(Stored items)
BEGIN

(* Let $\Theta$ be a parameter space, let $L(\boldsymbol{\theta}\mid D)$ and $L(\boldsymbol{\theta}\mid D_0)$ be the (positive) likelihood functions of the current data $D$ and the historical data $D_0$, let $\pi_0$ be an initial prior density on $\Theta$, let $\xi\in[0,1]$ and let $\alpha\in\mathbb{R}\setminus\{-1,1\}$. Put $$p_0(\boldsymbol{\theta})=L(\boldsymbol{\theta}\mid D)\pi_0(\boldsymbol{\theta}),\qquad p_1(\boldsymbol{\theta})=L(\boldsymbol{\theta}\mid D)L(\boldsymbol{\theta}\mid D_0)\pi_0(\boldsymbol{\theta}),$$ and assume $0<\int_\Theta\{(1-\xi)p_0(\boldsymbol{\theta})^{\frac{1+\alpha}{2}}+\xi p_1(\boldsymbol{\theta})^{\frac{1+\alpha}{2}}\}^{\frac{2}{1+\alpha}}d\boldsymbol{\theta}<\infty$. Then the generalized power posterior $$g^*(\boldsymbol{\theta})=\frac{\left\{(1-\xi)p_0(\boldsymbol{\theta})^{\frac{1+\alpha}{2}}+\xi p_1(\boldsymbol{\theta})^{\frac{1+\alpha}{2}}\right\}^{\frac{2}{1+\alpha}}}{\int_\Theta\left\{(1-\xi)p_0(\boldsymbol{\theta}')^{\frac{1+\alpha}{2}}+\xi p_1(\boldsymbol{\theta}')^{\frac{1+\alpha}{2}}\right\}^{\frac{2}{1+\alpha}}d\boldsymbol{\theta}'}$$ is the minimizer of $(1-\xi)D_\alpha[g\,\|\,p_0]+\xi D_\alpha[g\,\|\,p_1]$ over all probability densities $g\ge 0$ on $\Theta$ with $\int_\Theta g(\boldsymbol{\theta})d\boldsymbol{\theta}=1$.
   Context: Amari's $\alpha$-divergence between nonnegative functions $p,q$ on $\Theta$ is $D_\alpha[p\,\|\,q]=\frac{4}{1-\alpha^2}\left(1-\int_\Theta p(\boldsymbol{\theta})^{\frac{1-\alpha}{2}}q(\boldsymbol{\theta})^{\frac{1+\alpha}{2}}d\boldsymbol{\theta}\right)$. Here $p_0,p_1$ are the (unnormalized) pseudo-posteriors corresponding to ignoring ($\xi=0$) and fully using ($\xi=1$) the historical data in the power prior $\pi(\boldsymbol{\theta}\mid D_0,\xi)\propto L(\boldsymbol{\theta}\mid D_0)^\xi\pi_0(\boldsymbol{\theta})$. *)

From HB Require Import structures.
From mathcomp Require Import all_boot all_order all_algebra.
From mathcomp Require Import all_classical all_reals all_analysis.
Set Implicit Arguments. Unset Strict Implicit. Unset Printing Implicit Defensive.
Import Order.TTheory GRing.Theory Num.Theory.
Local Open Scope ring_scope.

END
BEGIN

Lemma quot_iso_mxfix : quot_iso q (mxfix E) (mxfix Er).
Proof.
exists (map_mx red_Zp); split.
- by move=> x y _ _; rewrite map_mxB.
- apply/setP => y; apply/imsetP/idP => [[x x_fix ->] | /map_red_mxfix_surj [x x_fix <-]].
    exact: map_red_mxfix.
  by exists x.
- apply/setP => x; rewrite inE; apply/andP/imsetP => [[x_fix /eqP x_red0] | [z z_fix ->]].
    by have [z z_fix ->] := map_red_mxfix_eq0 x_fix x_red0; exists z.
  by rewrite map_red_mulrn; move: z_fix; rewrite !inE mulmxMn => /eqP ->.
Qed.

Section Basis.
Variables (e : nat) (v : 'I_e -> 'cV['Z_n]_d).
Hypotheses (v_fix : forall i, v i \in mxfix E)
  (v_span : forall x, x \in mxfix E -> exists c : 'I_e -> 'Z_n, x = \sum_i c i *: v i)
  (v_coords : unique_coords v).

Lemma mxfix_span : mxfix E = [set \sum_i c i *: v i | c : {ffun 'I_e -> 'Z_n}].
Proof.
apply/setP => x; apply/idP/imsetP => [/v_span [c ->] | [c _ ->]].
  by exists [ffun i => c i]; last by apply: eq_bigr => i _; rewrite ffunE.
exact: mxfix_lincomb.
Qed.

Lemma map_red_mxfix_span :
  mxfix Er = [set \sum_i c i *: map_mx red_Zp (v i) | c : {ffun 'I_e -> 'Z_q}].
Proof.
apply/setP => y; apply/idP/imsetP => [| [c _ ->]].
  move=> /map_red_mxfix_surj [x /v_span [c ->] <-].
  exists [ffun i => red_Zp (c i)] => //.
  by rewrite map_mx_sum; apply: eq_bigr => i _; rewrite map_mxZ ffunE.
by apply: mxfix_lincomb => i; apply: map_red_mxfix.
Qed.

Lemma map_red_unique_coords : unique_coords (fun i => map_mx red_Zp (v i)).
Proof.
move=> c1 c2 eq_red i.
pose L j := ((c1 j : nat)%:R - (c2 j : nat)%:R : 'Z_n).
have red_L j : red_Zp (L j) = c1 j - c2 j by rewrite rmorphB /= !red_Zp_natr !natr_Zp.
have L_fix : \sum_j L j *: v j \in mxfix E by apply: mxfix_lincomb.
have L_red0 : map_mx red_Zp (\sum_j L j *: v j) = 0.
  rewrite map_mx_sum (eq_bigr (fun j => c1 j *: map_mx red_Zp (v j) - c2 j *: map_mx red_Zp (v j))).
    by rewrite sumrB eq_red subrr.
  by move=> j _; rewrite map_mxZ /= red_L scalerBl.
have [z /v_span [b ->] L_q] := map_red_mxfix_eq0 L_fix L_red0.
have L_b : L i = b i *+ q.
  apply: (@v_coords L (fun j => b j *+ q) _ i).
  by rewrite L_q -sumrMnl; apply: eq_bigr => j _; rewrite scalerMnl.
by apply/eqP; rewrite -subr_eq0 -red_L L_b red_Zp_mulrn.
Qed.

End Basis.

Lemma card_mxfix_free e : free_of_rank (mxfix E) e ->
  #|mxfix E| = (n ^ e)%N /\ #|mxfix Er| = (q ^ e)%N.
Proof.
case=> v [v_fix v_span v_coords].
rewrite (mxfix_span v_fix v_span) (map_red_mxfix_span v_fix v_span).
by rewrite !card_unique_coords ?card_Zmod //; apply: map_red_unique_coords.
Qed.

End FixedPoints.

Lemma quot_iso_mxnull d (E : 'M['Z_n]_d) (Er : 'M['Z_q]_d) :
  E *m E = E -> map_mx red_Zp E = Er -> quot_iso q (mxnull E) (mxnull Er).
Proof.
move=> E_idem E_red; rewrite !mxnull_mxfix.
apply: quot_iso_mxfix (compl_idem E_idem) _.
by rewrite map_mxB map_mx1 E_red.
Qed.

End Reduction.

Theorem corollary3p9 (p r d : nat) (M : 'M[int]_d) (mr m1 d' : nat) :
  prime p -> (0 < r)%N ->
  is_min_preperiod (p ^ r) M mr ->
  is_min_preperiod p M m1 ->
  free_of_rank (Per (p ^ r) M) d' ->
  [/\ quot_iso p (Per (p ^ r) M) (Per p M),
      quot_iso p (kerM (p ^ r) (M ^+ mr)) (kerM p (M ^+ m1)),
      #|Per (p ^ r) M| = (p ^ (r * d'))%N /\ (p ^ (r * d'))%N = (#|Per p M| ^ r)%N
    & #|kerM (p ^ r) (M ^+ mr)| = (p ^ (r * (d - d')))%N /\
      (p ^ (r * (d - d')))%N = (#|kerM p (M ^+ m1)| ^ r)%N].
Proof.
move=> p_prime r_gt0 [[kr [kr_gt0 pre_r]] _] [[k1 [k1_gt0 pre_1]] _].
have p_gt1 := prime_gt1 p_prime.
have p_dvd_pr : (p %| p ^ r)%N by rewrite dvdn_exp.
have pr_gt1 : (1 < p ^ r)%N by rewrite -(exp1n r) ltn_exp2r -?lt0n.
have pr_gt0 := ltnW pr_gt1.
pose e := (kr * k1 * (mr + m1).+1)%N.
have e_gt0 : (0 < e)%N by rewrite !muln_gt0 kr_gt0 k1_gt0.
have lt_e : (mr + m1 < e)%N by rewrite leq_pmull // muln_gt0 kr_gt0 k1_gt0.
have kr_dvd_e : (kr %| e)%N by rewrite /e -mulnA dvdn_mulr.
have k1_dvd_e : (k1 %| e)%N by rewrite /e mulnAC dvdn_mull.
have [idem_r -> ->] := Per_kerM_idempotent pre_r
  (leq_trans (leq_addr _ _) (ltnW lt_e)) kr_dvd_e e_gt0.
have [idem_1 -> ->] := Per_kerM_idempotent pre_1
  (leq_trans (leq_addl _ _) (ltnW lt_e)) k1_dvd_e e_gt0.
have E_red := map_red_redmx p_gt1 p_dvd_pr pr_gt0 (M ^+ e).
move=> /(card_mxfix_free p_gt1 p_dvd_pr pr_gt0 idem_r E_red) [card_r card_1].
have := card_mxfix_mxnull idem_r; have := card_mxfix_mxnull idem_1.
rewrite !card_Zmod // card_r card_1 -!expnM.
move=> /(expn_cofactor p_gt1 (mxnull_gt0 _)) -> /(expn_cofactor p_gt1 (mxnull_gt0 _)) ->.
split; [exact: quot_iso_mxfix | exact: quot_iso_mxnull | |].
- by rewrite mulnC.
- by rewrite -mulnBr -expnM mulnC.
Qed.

END

Once you have counted the lines above that contain "Lemma", give that number alone.

• Answer space
6